Eh? No answers to what? Which book are we talking about? The Bible? And where is the "real" book? It's a terribly tangled quote, and Al.com doesn't help unravel it.

Fatoom evidently didn’t like church garb:

At her church, women weren't allowed to wear pants, makeup or gaudy jewelry. Their shirts had to have long sleeves with high necklines. Now she covers herself with a dark colored hijab.

Hmmm. So the "don’ts" at the church are itemized, but her current outfit is not. And the church dress code was restrictive, but her current Islamic clothes are not.  Why not?

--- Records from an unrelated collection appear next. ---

(* Let $\mathbf{E},\mathbf{Y}$ be Euclidean spaces, $\mathcal{X}\subset\mathbf{E}$ nonempty closed convex, $h\colon\mathbf{Y}\to\mathbb{R}$ convex, $F\colon\mathbf{E}\to\mathbf{Y}$ continuously differentiable, $f=h\circ F$, $f_x(y)=h(F(x)+\nabla F(x)(y-x))$. Assume $\mathcal{X}^*=\operatorname{argmin}_{\mathcal{X}}f\neq\emptyset$, that $f(x)-\min_{\mathcal{X}}f\ge\mu\,\mathrm{dist}(x,\mathcal{X}^* )$ for all $x\in\mathcal{X}$ for some $\mu>0$, and that for some reals $a>0$, $b\ge0$, $$|f(y)-f_x(y)|\le a\|y-x\|^2+b\|y-x\|\quad\forall x,y\in\mathcal{X}.$$ Let $x_0\in\mathcal{X}$ and let $x_{k+1}$ be any minimizer of $x\mapsto f_{x_k}(x)+a\|x-x_k\|^2+b\|x-x_k\|$ over $\mathcal{X}$. If $\mathrm{dist}(x_0,\mathcal{X}^* )\le\frac{\mu-2b}{2a}$, then for all $k\ge0$, $$\mathrm{dist}(x_{k+1},\mathcal{X}^* )\le\frac{2\big(b+a\,\mathrm{dist}(x_k,\mathcal{X}^* )\big)}{\mu}\,\mathrm{dist}(x_k,\mathcal{X}^* ).$$
   Context: $\|\cdot\|$ is the Euclidean norm on $\mathbf{E}$, $\mathrm{dist}$ the Euclidean distance, and $\nabla F(x)$ the Jacobian of $F$ at $x$. *)

(* real analysis over Stdlib's R.
   A Euclidean space of dimension n is modelled as R^n = (Fin.t n -> R)
   with the standard vinner product. *)
From Stdlib Require Import Reals Lra Classical ClassicalEpsilon.
From Stdlib Require Vectors.Fin.
Open Scope R_scope.

Definition vec (n : nat) := Fin.t n -> R.

Fixpoint vsum (n : nat) : vec n -> R :=
  match n return vec n -> R with
  | O => fun _ => 0
  | S m => fun v => v Fin.F1 + vsum m (fun i => v (Fin.FS i))
  end.

Definition vadd {n} (u v : vec n) : vec n := fun i => u i + v i.
Definition vsub {n} (u v : vec n) : vec n := fun i => u i - v i.
Definition vscale {n} (t : R) (u : vec n) : vec n := fun i => t * u i.
Definition vinner {n} (u v : vec n) : R := vsum n (fun i => u i * v i).
Definition vnorm {n} (u : vec n) : R := sqrt (vinner u u).

Definition matapp {m n} (A : Fin.t m -> Fin.t n -> R) (v : vec n) : vec m :=
  fun i => vsum n (fun j => A i j * v j).

Definition is_inf (P : R -> Prop) (d : R) : Prop :=
  (forall r, P r -> d <= r) /\ (forall d', (forall r, P r -> d' <= r) -> d' <= d).

Definition Rinf (P : R -> Prop) : R := epsilon (inhabits 0) (is_inf P).

Definition vdist {n} (S : vec n -> Prop) (x : vec n) : R :=
  Rinf (fun r => exists y, S y /\ r = vnorm (vsub x y)).

Definition convex_vset {n} (S : vec n -> Prop) : Prop :=
  forall x y t, S x -> S y -> 0 <= t <= 1 ->
    S (vadd (vscale t x) (vscale (1 - t) y)).

Definition closed_vset {n} (S : vec n -> Prop) : Prop :=
  forall x, ~ S x -> exists eps, 0 < eps /\
    forall y, vnorm (vsub y x) < eps -> ~ S y.

Definition convex_vfun {m} (h : vec m -> R) : Prop :=
  forall u v t, 0 <= t <= 1 ->
    h (vadd (vscale t u) (vscale (1 - t) v)) <= t * h u + (1 - t) * h v.

Definition has_jacobian {n m} (F : vec n -> vec m)
  (J : vec n -> Fin.t m -> Fin.t n -> R) : Prop :=
  forall x eps, 0 < eps -> exists delta, 0 < delta /\
    forall y, vnorm (vsub y x) < delta ->
      vnorm (vsub (vsub (F y) (F x)) (matapp (J x) (vsub y x)))
        <= eps * vnorm (vsub y x).

Definition continuous_jacobian {n m} (J : vec n -> Fin.t m -> Fin.t n -> R) : Prop :=
  forall x i j eps, 0 < eps -> exists delta, 0 < delta /\
    forall y, vnorm (vsub y x) < delta -> Rabs (J y i j - J x i j) < eps.

Definition vargmin {n} (f : vec n -> R) (S : vec n -> Prop) : vec n -> Prop :=
  fun x => S x /\ forall y, S y -> f x <= f y.

(* Let x' minimize the regularized model  y |-> f_x(y) + a|y-x|^2 + b|y-x|  over
   X, and let y be any minimizer of f over X.  Chaining sharpness at x', the
   model error bound at (x, x'), the minimality of x' tested against y, and the
   model error bound at (x, y) gives
       mu * dist(x', Xs) <= 2a |x - y|^2 + 2b |x - y|.
   The right-hand side is a nondecreasing function of |x - y|, so taking the
   infimum over y in Xs replaces |x - y| by dist(x, Xs); dividing by mu yields
   the claimed bound. *)
From Stdlib Require Import Reals Lra ClassicalEpsilon.
Open Scope R_scope.

Lemma vsum_ext (n : nat) (u v : vec n) :
  (forall i, u i = v i) -> vsum n u = vsum n v.
Proof.
  induction n as [|n IH]; intros Huv; simpl; [reflexivity|].
  rewrite Huv; f_equal; apply IH; intros i; apply Huv.
Qed.

Lemma vnorm_sub_sym (n : nat) (x y : vec n) : vnorm (vsub x y) = vnorm (vsub y x).
Proof.
  unfold vnorm, vinner; f_equal; apply vsum_ext; intros i; unfold vsub; ring.
Qed.

Lemma Rinf_spec (P : R -> Prop) :
  (exists r, P r) -> (forall r, P r -> 0 <= r) -> is_inf P (Rinf P).
Proof.
  intros [r0 Hr0] Hnonneg.
  unfold Rinf; apply epsilon_spec.
  destruct (completeness (fun s => P (- s))) as [l [Hub Hlub]].
  - exists 0; intros s Hs; specialize (Hnonneg _ Hs); lra.
  - exists (- r0); rewrite Ropp_involutive; exact Hr0.
  - exists (- l); split.
    + intros r Hr.
      assert (- r <= l) by (apply Hub; rewrite Ropp_involutive; exact Hr); lra.
    + intros d' Hd'.
      assert (l <= - d') by (apply Hlub; intros s Hs; specialize (Hd' _ Hs); lra); lra.
Qed.

Lemma is_inf_approx (P : R -> Prop) (d e : R) :
  is_inf P d -> 0 < e -> exists r, P r /\ r < d + e.
Proof.
  intros [_ Hglb] He.
  apply NNPP; intros Hnone.
  assert (d + e <= d); [|lra].
  apply Hglb; intros r Hr.
  apply Rnot_lt_le; intros Hlt; apply Hnone; exists r; split; assumption.
Qed.

(* A lower bound c <= a r^2 + b r (a, b >= 0) valid on a set of reals passes to
   its infimum d >= 0: the quadratic is nondecreasing and continuous on [0, oo). *)
Lemma quadratic_bound_at_inf (P : R -> Prop) (d c a b : R) :
  is_inf P d -> 0 <= d -> 0 <= a -> 0 <= b ->
  (forall r, P r -> 0 <= r) ->
  (forall r, P r -> c <= a * r ^ 2 + b * r) ->
  c <= a * d ^ 2 + b * d.
Proof.
  intros Hinf Hd Ha Hb Hnonneg Hbound.
  apply Rnot_lt_le; intros Hgap.
  set (gap := c - (a * d ^ 2 + b * d)).
  set (K := 2 * a * d + a + b + 1).
  (* On [d, d + e] with e <= 1 the quadratic grows by at most e * K. *)
  set (e := Rmin 1 (gap / (2 * K))).
  assert (HK : 0 < K) by (unfold K; nra).
  assert (He : 0 < e).
  { apply Rmin_glb_lt; [lra|].
    apply Rdiv_lt_0_compat; unfold gap; lra. }
  assert (He1 : e <= 1) by apply Rmin_l.
  assert (HeK : e * K <= gap / 2).
  { assert (e <= gap / (2 * K)) as Hle by apply Rmin_r.
    apply Rmult_le_compat_r with (r := K) in Hle; [|lra].
    replace (gap / (2 * K) * K) with (gap / 2) in Hle by (field; lra).
    exact Hle. }
  destruct (is_inf_approx P d e Hinf He) as [r [Hr Hlt]].
  pose proof (Hbound r Hr) as Hc.
  pose proof (Hnonneg r Hr) as Hr0.
  assert (Hgrowth : a * r ^ 2 + b * r <= a * d ^ 2 + b * d + e * K).
  { assert (Hsq : r * r <= (d + e) * (d + e)) by nra.
    assert (a * (r * r) <= a * ((d + e) * (d + e))) by (apply Rmult_le_compat_l; lra).
    assert (b * r <= b * (d + e)) by (apply Rmult_le_compat_l; lra).
    assert (a * e * e <= a * e) by (rewrite <- (Rmult_1_r (a * e)) at 2; apply Rmult_le_compat_l; nra).
    unfold K; nra. }
  unfold gap in *; lra.
Qed.

Lemma vdist_is_inf (n : nat) (S : vec n -> Prop) (x : vec n) :
  (exists y, S y) ->
  is_inf (fun r => exists y, S y /\ r = vnorm (vsub x y)) (vdist S x).
Proof.
  intros [y Hy]; apply Rinf_spec.
  - exists (vnorm (vsub x y)); exists y; split; [exact Hy | reflexivity].
  - intros r [z [_ ->]]; apply sqrt_pos.
Qed.

Lemma vdist_nonneg (n : nat) (S : vec n -> Prop) (x : vec n) :
  (exists y, S y) -> 0 <= vdist S x.
Proof.
  intros HS; apply (proj2 (vdist_is_inf n S x HS)).
  intros r [y [_ ->]]; apply sqrt_pos.
Qed.

Lemma quadratic_bound_at_vdist (n : nat) (S : vec n -> Prop) (x : vec n) (c a b : R) :
  (exists y, S y) -> 0 <= a -> 0 <= b ->
  (forall y, S y -> c <= a * vnorm (vsub x y) ^ 2 + b * vnorm (vsub x y)) ->
  c <= a * vdist S x ^ 2 + b * vdist S x.
Proof.
  intros HS Ha Hb Hbound.
  apply (quadratic_bound_at_inf _ _ _ _ _ (vdist_is_inf n S x HS));
    [apply vdist_nonneg, HS | exact Ha | exact Hb | |].
  - intros r [y [_ ->]]; apply sqrt_pos.
  - intros r [y [Hy ->]]; apply Hbound, Hy.
Qed.

Lemma model_step_value_bound (n : nat) (X : vec n -> Prop) (f : vec n -> R)
  (model : vec n -> vec n -> R) (mu a b : R) (x x' y : vec n) :
  (forall z zstar, X z -> vargmin f X zstar ->
     f z - f zstar >= mu * vdist (vargmin f X) z) ->
  (forall z w, X z -> X w ->
     Rabs (f w - model z w) <= a * vnorm (vsub w z) ^ 2 + b * vnorm (vsub w z)) ->
  X x ->
  vargmin (fun w => model x w + a * vnorm (vsub w x) ^ 2 + b * vnorm (vsub w x)) X x' ->
  vargmin f X y ->
  mu * vdist (vargmin f X) x' <=
    2 * a * vnorm (vsub x y) ^ 2 + 2 * b * vnorm (vsub x y).
Proof.
  intros Hsharp Hmodel Hx [Hx' Hmin] Hy.
  pose proof Hy as [HyX _].
  pose proof (Hsharp x' y Hx' Hy) as Hsharp_x'.
  pose proof (Hmin y HyX) as Hprox.
  pose proof (Hmodel x x' Hx Hx') as Herr_x'.
  pose proof (Hmodel x y Hx HyX) as Herr_y.
  pose proof (Rle_abs (f x' - model x x')) as Habs_x'.
  pose proof (Rle_abs (- (f y - model x y))) as Habs_y.
  rewrite Rabs_Ropp in Habs_y.
  rewrite (vnorm_sub_sym n x y); lra.
Qed.

Theorem lemma7p4 (n m : nat) (X : vec n -> Prop) (h : vec m -> R)
  (F : vec n -> vec m) (J : vec n -> Fin.t m -> Fin.t n -> R)
  (mu a b : R) (xs : nat -> vec n) :
  (exists x : vec n, X x) -> closed_vset X -> convex_vset X ->
  convex_vfun h ->
  has_jacobian F J -> continuous_jacobian J ->
  let f := fun x : vec n => h (F x) in
  let fx := fun x y : vec n => h (vadd (F x) (matapp (J x) (vsub y x))) in
  let Xs := vargmin f X in
  (exists xs0 : vec n, Xs xs0) ->
  0 < mu ->
  (forall x xstar : vec n, X x -> Xs xstar -> f x - f xstar >= mu * vdist Xs x) ->
  0 < a -> 0 <= b ->
  (forall x y : vec n, X x -> X y ->
     Rabs (f y - fx x y) <= a * vnorm (vsub y x) ^ 2 + b * vnorm (vsub y x)) ->
  X (xs 0%nat) ->
  (forall k, vargmin (fun x : vec n => fx (xs k) x + a * vnorm (vsub x (xs k)) ^ 2
                              + b * vnorm (vsub x (xs k))) X (xs (S k))) ->
  vdist Xs (xs 0%nat) <= (mu - 2 * b) / (2 * a) ->
  forall k, vdist Xs (xs (S k)) <=
    2 * (b + a * vdist Xs (xs k)) / mu * vdist Xs (xs k).
Proof.
  intros _ _ _ _ _ _ f fx Xs HXs Hmu Hsharp Ha Hb Hmodel H0 Hstep _ k.
  assert (HXk : X (xs k)) by (destruct k; [exact H0 | apply (Hstep k)]).
  assert (Hvalue : mu * vdist Xs (xs (S k)) <=
                   2 * a * vdist Xs (xs k) ^ 2 + 2 * b * vdist Xs (xs k)).
  { apply quadratic_bound_at_vdist; [exact HXs | lra | lra |].
    intros y Hy; exact (model_step_value_bound n X f fx mu a b _ _ y
                          Hsharp Hmodel HXk (Hstep k) Hy). }
  apply Rmult_le_reg_l with mu; [exact Hmu|].
  replace (mu * (2 * (b + a * vdist Xs (xs k)) / mu * vdist Xs (xs k)))
    with (2 * a * vdist Xs (xs k) ^ 2 + 2 * b * vdist Xs (xs k)) by (field; lra).
  exact Hvalue.
Qed.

That's not the only criticism of Christianity here. The Quran teacher, who is black, talks about the "crippling effect of having a Caucasian image being God and the same people that had their foot on your neck looked like the same person." And the hot dog vendor retells his conversion in the 1960s:

"I saw that blacks at that time they had been faithful and loyal Christians but they wasn't making any social progress. Islam offered social progress to African Americans to the blacks and it offered a way out of the downtrodden position that we were in."

Did anyone at Al.com hear about people like Martin Luther King Jr., Ralph Abernathy, Andrew Young, etc. -- pastors who led the civil rights movement of that time? And if you're criticizing another faith, wouldn't fairness call for reactions from ministers of that faith?

Yes, the Al.com article is a lengthy 1600 words. For that reason, it was even more important to take a hard look and scrub away the soft spots. After two decades, journalists should learn from past mistakes like mine.